INSPIRATION

By J. E. F.

There is no subject more basic than that of inspiration. The literal and root meaning of inspiration is "breathe into," and the prac­tical import is that God put His message in men and moved them to say exactly what He wanted said. The Bible lays claim to being that kind of an inspired word - men did the speaking or writing but they did not speak from their own wisdom; they spoke accord­ing as God directed them. If the Bible is in truth and fact the inspired word of God, then it certainly must be the only safe and relia­ble standard for our faith and practice. The value and authority of the Scriptures are thus directly dependent upon whether or not they are inspired, i.e., "breathed of God."

This is the argument and claim of 2 Peter 1:20, 21: "Knowing this first, that no prophe­cy of the scripture is of any private inter­pretation. For the prophecy came not in old time by the will of man: but holy men of God spake as they were moved by the Holy Spir­it.” “Private interpretation” does not refer to an individual hearer's understanding, for Peter is discussing its origin, not its reception. “Private interpretation,” therefore, has to do with the speaker, not the hearer, and is tantamount to saying that the prophets did not speak their own personal understandings.

They rather spake as the Holy Spirit "moved them." In fact, the prophets did not always personally understand the message (1 Peter 1:10-12) and would have been rather hard put to tell what they did not know or to explain what they did not understand. But [being "moved by the spirit"] they did not need to rely on their personal opinions and interpre­tations. The book of Jeremiah, for example, is not the personal view and private in­terpretation of the prophet, but rather it is the "word of the Lord" (Jer. 1:4) expressed according as the Spirit moved the prophet.
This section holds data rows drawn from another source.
Lemma eip_linl a u v w xi : eip (a *: u + v) w xi = a *: eip u w xi + eip v w xi.
Proof. by case: hE => _ [_ [_ [_ [_ [+ _]]]]]. Qed.

Lemma eip_linr a u v w xi : eip w (a *: u + v) xi = a^* *: eip w u xi + eip w v xi.
Proof. by case: hE => _ [_ [_ [_ [_ [_ [+ _]]]]]]. Qed.

Lemma eip_pos u : is_positive_op ip (eip u u).
Proof. by case: hE => _ [_ [_ [_ [_ [_ [_ [+ _]]]]]]]. Qed.

Lemma eip_eq0 u : (forall xi, eip u u xi = 0) -> u = 0.
Proof. by case: hE => _ [_ [_ [_ [_ [_ [_ [_ [+ _]]]]]]]]; apply. Qed.

Lemma eip_act a u v xi : is_compact_op ip a -> eip (act a u) v xi = a (eip u v xi).
Proof. by case: hE => _ [_ [_ [_ [_ [_ [_ [_ [_ [+ _]]]]]]]]] => /[apply]. Qed.

Lemma eip_adj u v : is_adjoint_of ip (eip v u) (eip u v).
Proof. by case: hE => _ [_ [_ [_ [_ [_ [_ [_ [_ [_ [+ _]]]]]]]]]]. Qed.

Lemma eip_bounded u v : is_bounded_op ip (eip u v).
Proof. by case: (eip_compact u v). Qed.

Lemma eipBl u v w xi : eip (u - v) w xi = eip u w xi - eip v w xi.
Proof. by rewrite addrC -scaleN1r eip_linl scaleN1r addrC. Qed.

Lemma eipBr u v w xi : eip w (u - v) xi = eip w u xi - eip w v xi.
Proof. by rewrite addrC -scaleN1r eip_linr rmorphN rmorph1 scaleN1r addrC. Qed.

Definition vsform xi u v := ip (eip u v xi) xi.

Lemma vsform_linl xi a u v w : vsform xi (a *: u + v) w = a * vsform xi u w + vsform xi v w.
Proof. by rewrite /vsform eip_linl (ip_linl hH). Qed.

Lemma vsform_herm xi u v : vsform xi v u = (vsform xi u v)^*.
Proof. by rewrite /vsform eip_adj (ip_herm hH). Qed.

Lemma vsform_pos xi u : 0 <= vsform xi u u.
Proof. exact: eip_pos. Qed.

Lemma vsformZr xi a u v : vsform xi u (a *: v) = a^* * vsform xi u v.
Proof. exact: (formZr (vsform_linl xi) (vsform_herm xi)). Qed.
Theorem mainTheorem13 (sigma : R -> R) (d m : nat) (w : nat -> nat -> R) :
  real_analytic sigma ->
  (exists nj : nat -> nat,
      (forall j1 j2, nj j1 = nj j2 -> j1 = j2) /\
      (forall j, Derive_n sigma (nj j) 0 <> 0)) ->
  (forall i, (i < m)%nat -> exists t, (t < d)%nat /\ w i t <> 0) ->
  (forall k j, (k < j)%nat -> (j < m)%nat ->
      (exists t, (t < d)%nat /\ w k t <> w j t) /\
      (exists t, (t < d)%nat /\ w k t <> - w j t)) ->
  forall (a : nat -> R) (b : nat -> nat -> R),
    (forall x : nat -> R,
        sumR m (fun i =>
          a i * sigma (dotR d (w i) x)
          + sumR d (fun t => b i t * (Derive sigma (dotR d (w i) x) * x t))) = 0) ->
    (forall i, (i < m)%nat -> a i = 0) /\
    (forall i t, (i < m)%nat -> (t < d)%nat -> b i t = 0).
Proof.
  intros Han [nj [Hinj Hder]] Hw0 Hwpm a b Hid.
  destruct (Han 0) as [r [Hr [c Hc0]]].
  assert (Hc : forall x, Rabs x < r -> is_pseries c x (sigma x)).
  { intros x Hx. rewrite <- (Rminus_0_r x) at 1. apply Hc0. rewrite Rminus_0_r; auto. }
  assert (HS : infinitely_often (fun n => c n <> 0)).
  { intros N. destruct (injective_infinitely_often nj Hinj N) as [n [Hn [j <-]]].
    exists (nj j); split; auto. intro Hcz. apply (Hder j).
    rewrite (Derive_n_at_0 sigma r c Hr Hc), Hcz. ring. }
  assert (Hcoef : forall l n, c n <> 0 -> sumR m (fun i => a i * peval d (w i) l ^ n
               + INR n * peval d (b i) l * peval d (w i) l ^ (n - 1)) = 0).
  { intros l n Hcn. apply (Rmult_eq_reg_l (c n)); [rewrite Rmult_0_r|exact Hcn].
    apply (neuron_sum_coef sigma r c Hr Hc). intros s.
    rewrite <- (Hid (fun t => s * l ^ t)). apply sumR_ext; intros i Hi.
    rewrite dotR_curve. f_equal. unfold peval, dotR. rewrite <- sumR_scal.
    apply sumR_ext; intros; ring. }
  assert (Hvanish : Rbar_locally p_infty
            (fun l => forall i, (i < m)%nat -> a i = 0 /\ peval d (b i) l = 0)).
  { eapply filter_imp; [|exact (peval_eventually_generic d m w Hw0 Hwpm)].
    intros l [Hu Hne]. exact (power_sum_coef_zero m a _ _ _ HS (Hcoef l) Hu Hne). }
  split.
  - intros i Hi. destruct (filter_ex _ Hvanish) as [l Hl].
    apply Hl; auto.
  - intros i t Hi Ht. apply NNPP; intro Hb.
    destruct (filter_ex _ (filter_and _ _ Hvanish
                (peval_eventually_nonzero d (b i) (ex_intro _ t (conj Ht Hb)))))
      as [l [Hl Hne]].
    apply Hne, Hl; auto.
Qed.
This means that inspired words are not words of human wisdom, or choice. Listen to I Corinthians 2:10-13: "But God hath re­vealed them unto us by his Spirit.... Now we have received, not the spirit of the world, but the spirit which is of God; that we might know the things that are freely given to us of God. Which things also we speak, not in the words which man's wisdom teacheth [not of man's choosing], but which the Holy Spirit teacheth...." This is verbal inspiration! The Bible is God’s word to the word, for its writers did not speak of themselves. They neither gave their own opinions, nor did they even pick out their own words to express the gospel message; inspired men were “moved by the Spirit” and spoke the words which the Spirit supplied. This is purely a case of an infallible and divine word being “once for all” delivered through human instrumentality, but God did not allow the human agency to alter the setting forth of His law by adding “pri­vate interpretations” or by making a faulty choice of words.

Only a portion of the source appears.